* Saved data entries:

════

(* Let $\mathcal{F}$ be a strong regular facets-pairing structure on $\mathcal{C}^n$ and let $e\subset f$ be proper faces of $\mathcal{C}^n$ with $\dim f-\dim e=1$. Then either $|\widehat e|=|\widehat f|$ or $|\widehat e|=2|\widehat f|$, where $|\widehat g|$ denotes the number of faces in the face family $\widehat g$.
   Context: Let $[\pm n]=\{\pm1,\dots,\pm n\}$ and $\mathcal{C}^n=\{x\in\mathbb{R}^n: -\tfrac14\le x_i\le\tfrac14\}$. For $1\le i\le n$, $\mathbf{F}(i)$ and $\mathbf{F}(-i)$ denote the facets of $\mathcal{C}^n$ in $\{x_i=\tfrac14\}$ and $\{x_i=-\tfrac14\}$; for $j_1,\dots,j_s\in[\pm n]$ with distinct absolute values, $\mathbf{F}(j_1,\dots,j_s)=\bigcap_i\mathbf{F}(j_i)$ (every proper face has this form). A signed permutation is a bijection $\sigma$ of $[\pm n]$ with $\sigma(-k)=-\sigma(k)$. A facets-pairing structure on $\mathcal{C}^n$ is a pair $(\omega,\{\tau_j\})$ where $\omega$ is a bijection of $[\pm n]$ with $\omega\circ\omega=\mathrm{id}$ and $\tau_j:\mathbf{F}(j)\to\mathbf{F}(\omega(j))$ are face-preserving homeomorphisms with $\tau_{\omega(j)}=\tau_j^{-1}$, such that for all $|j|\ne|k|$, writing $\tau_j(\mathbf{F}(j,k))=\mathbf{F}(\omega(j),k')$ and $\tau_k(\mathbf{F}(j,k))=\mathbf{F}(j',\omega(k))$, one has $\tau_{k'}\tau_j(p)=\tau_{j'}\tau_k(p)$ for all $p\in\mathbf{F}(j,k)$. It is regular if each $\tau_j$ is a Euclidean isometry and $\omega$ is a signed permutation. A composition $\tau_{k_m}\circ\dots\circ\tau_{k_1}$ applied to a proper face $f$ is valid if $f\subset\mathbf{F}(k_1)$ and $\tau_{k_i}\circ\dots\circ\tau_{k_1}(f)\subset\mathbf{F}(k_{i+1})$ for $1\le i<m$ ($m=0$ allowed). The face family $\widehat f$ is the set of faces $\tau_{k_m}\circ\dots\circ\tau_{k_1}(f)$ over all valid compositions. For a proper face $f$ let $\Xi(f)$ be the set of facets containing $f$. If $f\subset\mathbf{F}(k)$ and $f'=\tau_k(f)$, define $\Psi^f_k:\Xi(f)\to\Xi(f')$ by $\Psi^f_k(\mathbf{F}(k))=\mathbf{F}(\omega(k))$ and, for $F'\in\Xi(f)\setminus\{\mathbf{F}(k)\}$, $\Psi^f_k(F')$ is the facet $G$ with $G\cap\mathbf{F}(\omega(k))=\tau_k(F'\cap\mathbf{F}(k))$. $\mathcal{F}$ is strong if for every proper face $f$ and any two valid compositions mapping $f$ onto the same face $\widetilde f$: (a) they agree at every point of $f$; and (b) the corresponding composites of the maps $\Psi$ along the two compositions coincide as maps $\Xi(f)\to\Xi(\widetilde f)$. *)

From Stdlib Require Import Reals ClassicalEpsilon.
From mathcomp Require Import all_boot.
Set Implicit Arguments. Unset Strict Implicit. Unset Printing Implicit Defensive.
Local Open Scope R_scope.

Definition point (n : nat) := 'I_n -> R.
Definition pset (n : nat) := point n -> Prop.

(* Signed indices [±n]: (i, true) stands for +(i+1), (i, false) for -(i+1). *)
Definition signed (n : nat) := ('I_n * bool)%type.
Definition sneg n (j : signed n) : signed n := (j.1, ~~ j.2).

(* A face label: for each coordinate, None = free, Some true = fixed at 1/4,
   Some false = fixed at -1/4.  The label with fixed coordinates j_1..j_s
   encodes F(j_1,...,j_s); proper_face faces are those with at least one fixed
   coordinate. *)
Definition label (n : nat) := {ffun 'I_n -> option bool}.
Definition bnd (b : bool) : R := if b then (Rinv 4) else (- Rinv 4).

Definition cube n (x : point n) : Prop := forall i, (- Rinv 4 <= x i <= Rinv 4).
Definition face_set n (l : label n) : pset n :=
  fun x => cube x /\ forall i b, l i = Some b -> x i = bnd b.
Definition proper_face n (l : label n) : bool := [exists i, l i != None].
Definition fdim n (l : label n) : nat := #|[pred i | l i == None]|.

Definition facet_label n (j : signed n) : label n :=
  [ffun i => if i == j.1 then Some j.2 else None].
Definition facet n (j : signed n) : pset n := face_set (facet_label j).
Definition F2 n (j k : signed n) : pset n := fun x => facet j x /\ facet k x.

Definition psub n (A B : pset n) : Prop := forall x, A x -> B x.
Definition seteq n (A B : pset n) : Prop := forall x, A x <-> B x.
Definition img n (t : point n -> point n) (A : pset n) : pset n :=
  fun y => exists x, A x /\ y = t x.
Definition is_face n (A : pset n) : Prop :=
  exists l : label n, proper_face l /\ seteq A (face_set l).

Definition dist2 n (x y : point n) : R :=
  \big[Rplus/0]_(i < n) ((x i - y i) * (x i - y i)).

(* Facets-pairing structure (omega, {tau_j}); tau_j is given as a total map,
   only its restriction to F(j) matters. *)
Definition is_fps n (om : signed n -> signed n)
    (tau : signed n -> point n -> point n) : Prop :=
  (forall j, om (om j) = j) /\
  (forall j, psub (img (tau j) (facet j)) (facet (om j))) /\
  (forall j, psub (facet (om j)) (img (tau j) (facet j))) /\
  (forall j x y, facet j x -> facet j y -> tau j x = tau j y -> x = y) /\
  (forall j (l : label n), proper_face l -> psub (face_set l) (facet j) ->
      is_face (img (tau j) (face_set l))) /\
  (forall j x, facet j x -> tau (om j) (tau j x) = x) /\
  (forall j k k' j', j.1 != k.1 ->
      seteq (img (tau j) (F2 j k)) (F2 (om j) k') ->
      seteq (img (tau k) (F2 j k)) (F2 j' (om k)) ->
      forall p, F2 j k p -> tau k' (tau j p) = tau j' (tau k p)).

Definition signed_perm n (om : signed n -> signed n) : Prop :=
  bijective om /\ forall j, om (sneg j) = sneg (om j).

Definition regular n (om : signed n -> signed n)
    (tau : signed n -> point n -> point n) : Prop :=
  [/\ is_fps om tau, signed_perm om &
      forall j x y, facet j x -> facet j y ->
        dist2 (tau j x) (tau j y) = dist2 x y].

(* Valid compositions tau_{k_m} o ... o tau_{k_1} applied to a set S,
   ks = [:: k_1; ...; k_m]. *)
Fixpoint valid n (tau : signed n -> point n -> point n) (S : pset n)
    (ks : seq (signed n)) : Prop :=
  match ks with
  | [::] => True
  | k :: ks' => psub S (facet k) /\ valid tau (img (tau k) S) ks'
  end.

Fixpoint tcomp n (tau : signed n -> point n -> point n)
    (ks : seq (signed n)) (x : point n) : point n :=
  match ks with
  | [::] => x
  | k :: ks' => tcomp tau ks' (tau k x)
  end.

Definition in_family n (tau : signed n -> point n -> point n) (f g : label n)
  : Prop :=
  exists ks, valid tau (face_set f) ks /\
             seteq (img (tcomp tau ks) (face_set f)) (face_set g).

Definition asbool (P : Prop) : bool :=
  if excluded_middle_informative P then true else false.

Definition face_family n (tau : signed n -> point n -> point n) (f : label n)
  : {set label n} := [set g | asbool (in_family tau f g)].

(* Psi_k (facets identified with signed indices): psi_rel k a b means
   Psi_k(F(a)) = F(b). *)
Definition psi_rel n (om : signed n -> signed n)
    (tau : signed n -> point n -> point n) (k a b : signed n) : Prop :=
  (a = k /\ b = om k) \/
  (a <> k /\ seteq (F2 b (om k)) (img (tau k) (F2 a k))).

Fixpoint psi_chain n (om : signed n -> signed n)
    (tau : signed n -> point n -> point n) (ks : seq (signed n))
    (a b : signed n) : Prop :=
  match ks with
  | [::] => a = b
  | k :: ks' => exists c, psi_rel om tau k a c /\ psi_chain om tau ks' c b
  end.

Definition strong n (om : signed n -> signed n)
    (tau : signed n -> point n -> point n) : Prop :=
  forall (f g : label n) (ks1 ks2 : seq (signed n)),
    proper_face f ->
    valid tau (face_set f) ks1 -> valid tau (face_set f) ks2 ->
    seteq (img (tcomp tau ks1) (face_set f)) (face_set g) ->
    seteq (img (tcomp tau ks2) (face_set f)) (face_set g) ->
    (forall p, face_set f p -> tcomp tau ks1 p = tcomp tau ks2 p) /\
    (forall a b1 b2, psub (face_set f) (facet a) ->
       psi_chain om tau ks1 a b1 -> psi_chain om tau ks2 a b2 -> b1 = b2).

From Stdlib Require Import Reals ClassicalEpsilon Lra.
From mathcomp Require Import all_boot.
Set Implicit Arguments. Unset Strict Implicit. Unset Printing Implicit Defensive.

(* Since dim f = dim e + 1, exactly one facet F(a0) contains e but not f.  A
   composition sigma that is valid for f carries e along with f, and its Psi-chain
   sends F(a0) to the unique facet F(c) that contains sigma(e) but not sigma(f).
   Every face of the family of e is either such a sigma(e) or its reflection
   tau_c(sigma(e)) through F(c): by the cycle condition, crossing any other facet
   of a reflected face is a move along f followed by a reflection.  Strongness
   makes sigma(e) |-> sigma(f) and sigma(e) |-> tau_c(sigma(e)) bijections, so both
   classes have as many faces as the family of f, and a face lying in both
   classes forces them to coincide. *)

Lemma card_le_rel (T : finType) (A B : {set T}) (R : T -> T -> Prop) :
  (forall a, a \in A -> exists2 b, b \in B & R a b) ->
  (forall a a' b, a \in A -> a' \in A -> b \in B -> R a b -> R a' b -> a = a') ->
  #|A| <= #|B|.
Proof.
move=> AB Rinj.
pose g a := epsilon (inhabits a) (fun b => b \in B /\ R a b).
have gP a : a \in A -> g a \in B /\ R a (g a).
  move=> /AB [b Bb Rab].
  by apply: (epsilon_spec (inhabits a) (fun b => b \in B /\ R a b)); exists b.
have g_inj : {in A &, injective g}.
  move=> a a' Aa Aa' E; have [Bga Raga] := gP _ Aa; have [_] := gP _ Aa'.
  by rewrite -E; apply: Rinj.
rewrite -(card_in_imset g_inj).
by apply/subset_leq_card/subsetP => _ /imsetP [a /gP [Bga _] ->].
Qed.

Lemma card_bij_rel (T : finType) (A B : {set T}) (R : T -> T -> Prop) :
  (forall a, a \in A -> exists2 b, b \in B & R a b) ->
  (forall b, b \in B -> exists2 a, a \in A & R a b) ->
  (forall a b b', a \in A -> b \in B -> b' \in B -> R a b -> R a b' -> b = b') ->
  (forall a a' b, a \in A -> a' \in A -> b \in B -> R a b -> R a' b -> a = a') ->
  #|A| = #|B|.
Proof.
move=> AB BA Rfun Rinj; apply/eqP.
rewrite eqn_leq (card_le_rel AB Rinj) (@card_le_rel _ B A (fun b a => R a b)) //.
by move=> b b' a Bb Bb' Aa; apply: Rfun.
Qed.

Lemma asboolP (P : Prop) : asbool P <-> P.
Proof. by rewrite /asbool; case: excluded_middle_informative. Qed.

Section Labels.
Variable n : nat.
Implicit Types (l : label n) (a c k : signed n) (A B C : pset n).

Lemma bnd_inj (b b' : bool) : bnd b = bnd b' -> b = b'.
Proof. by case: b; case: b' => //= H; lra. Qed.

Lemma bnd_neq0 (b : bool) : bnd b <> R0.
Proof. by case: b => /= H; lra. Qed.

Lemma seteq_psub A B : seteq A B -> psub A B.
Proof. by move=> H x /H. Qed.

Lemma seteq_psubr A B : seteq A B -> psub B A.
Proof. by move=> H x /H. Qed.

Lemma seteq_sym A B : seteq A B -> seteq B A.
Proof. by move=> H x; split => /H. Qed.

Lemma seteq_trans A B C : seteq A B -> seteq B C -> seteq A C.
Proof. by move=> H1 H2 x; split => [/H1/H2|/H2/H1]. Qed.

Lemma psub_trans A B C : psub A B -> psub B C -> psub A C.
Proof. by move=> H1 H2 x /H1/H2. Qed.

Lemma psub_antisym A B : psub A B -> psub B A -> seteq A B.
Proof. by move=> H1 H2 x; split => [/H1|/H2]. Qed.

Definition center l : point n :=
  fun i => if l i is Some b then bnd b else R0.

Lemma center_face l : face_set l (center l).
Proof.
split=> [i|i b li]; last by rewrite /center li.
by rewrite /center; case: (l i) => [[]|] /=; lra.
Qed.

Lemma face_sub_fixed l l' : psub (face_set l) (face_set l') ->
  forall i b, l' i = Some b -> l i = Some b.
Proof.
move=> sub i b l'i; have [_ /(_ i b l'i)] := sub _ (center_face l).
rewrite /center; case: (l i) => [b' /bnd_inj -> //|E].
by have := @bnd_neq0 b; rewrite E.
Qed.

Lemma fixed_face_sub l l' : (forall i b, l' i = Some b -> l i = Some b) ->
  psub (face_set l) (face_set l').
Proof. by move=> H x [cx fx]; split=> // i b /H /fx. Qed.

Lemma face_set_inj l l' : seteq (face_set l) (face_set l') -> l = l'.
Proof.
move=> E; apply/ffunP => i.
have S1 := face_sub_fixed (seteq_psub E); have S2 := face_sub_fixed (seteq_psubr E).
case El: (l i) => [b|]; case El': (l' i) => [b'|] //.
- by rewrite (S1 _ _ El') in El.
- by rewrite (S2 _ _ El) in El'.
- by rewrite (S1 _ _ El') in El.
Qed.

(* [Xi l a]: the facet F(a) belongs to Xi(l), i.e. contains the face [l]. *)
Definition Xi l a := l a.1 = Some a.2.

Lemma facet_labelE a i : facet_label a i = if i == a.1 then Some a.2 else None.
Proof. by rewrite ffunE. Qed.

Lemma Xi_facet a : Xi (facet_label a) a.
Proof. by rewrite /Xi facet_labelE eqxx. Qed.

Lemma sub_facetP l a : psub (face_set l) (facet a) <-> Xi l a.
Proof.
split=> [sub|la]; first exact: face_sub_fixed sub _ _ (Xi_facet a).
by apply: fixed_face_sub => i b; rewrite facet_labelE; case: eqP => // -> [<-].
Qed.

Lemma Xi_sub l l' a : psub (face_set l) (face_set l') -> Xi l' a -> Xi l a.
Proof. by move=> sub /sub_facetP la; apply/sub_facetP; apply: psub_trans la. Qed.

════

* INSTRUCTIONS FOR THE TASK: If a line in the records above includes the string "contains", copy it.

* ANSWER TO THIS TASK:
(* Since dim f = dim e + 1, exactly one facet F(a0) contains e but not f.  A
   sends F(a0) to the unique facet F(c) that contains sigma(e) but not sigma(f).
(* [Xi l a]: the facet F(a) belongs to Xi(l), i.e. contains the face [l]. *)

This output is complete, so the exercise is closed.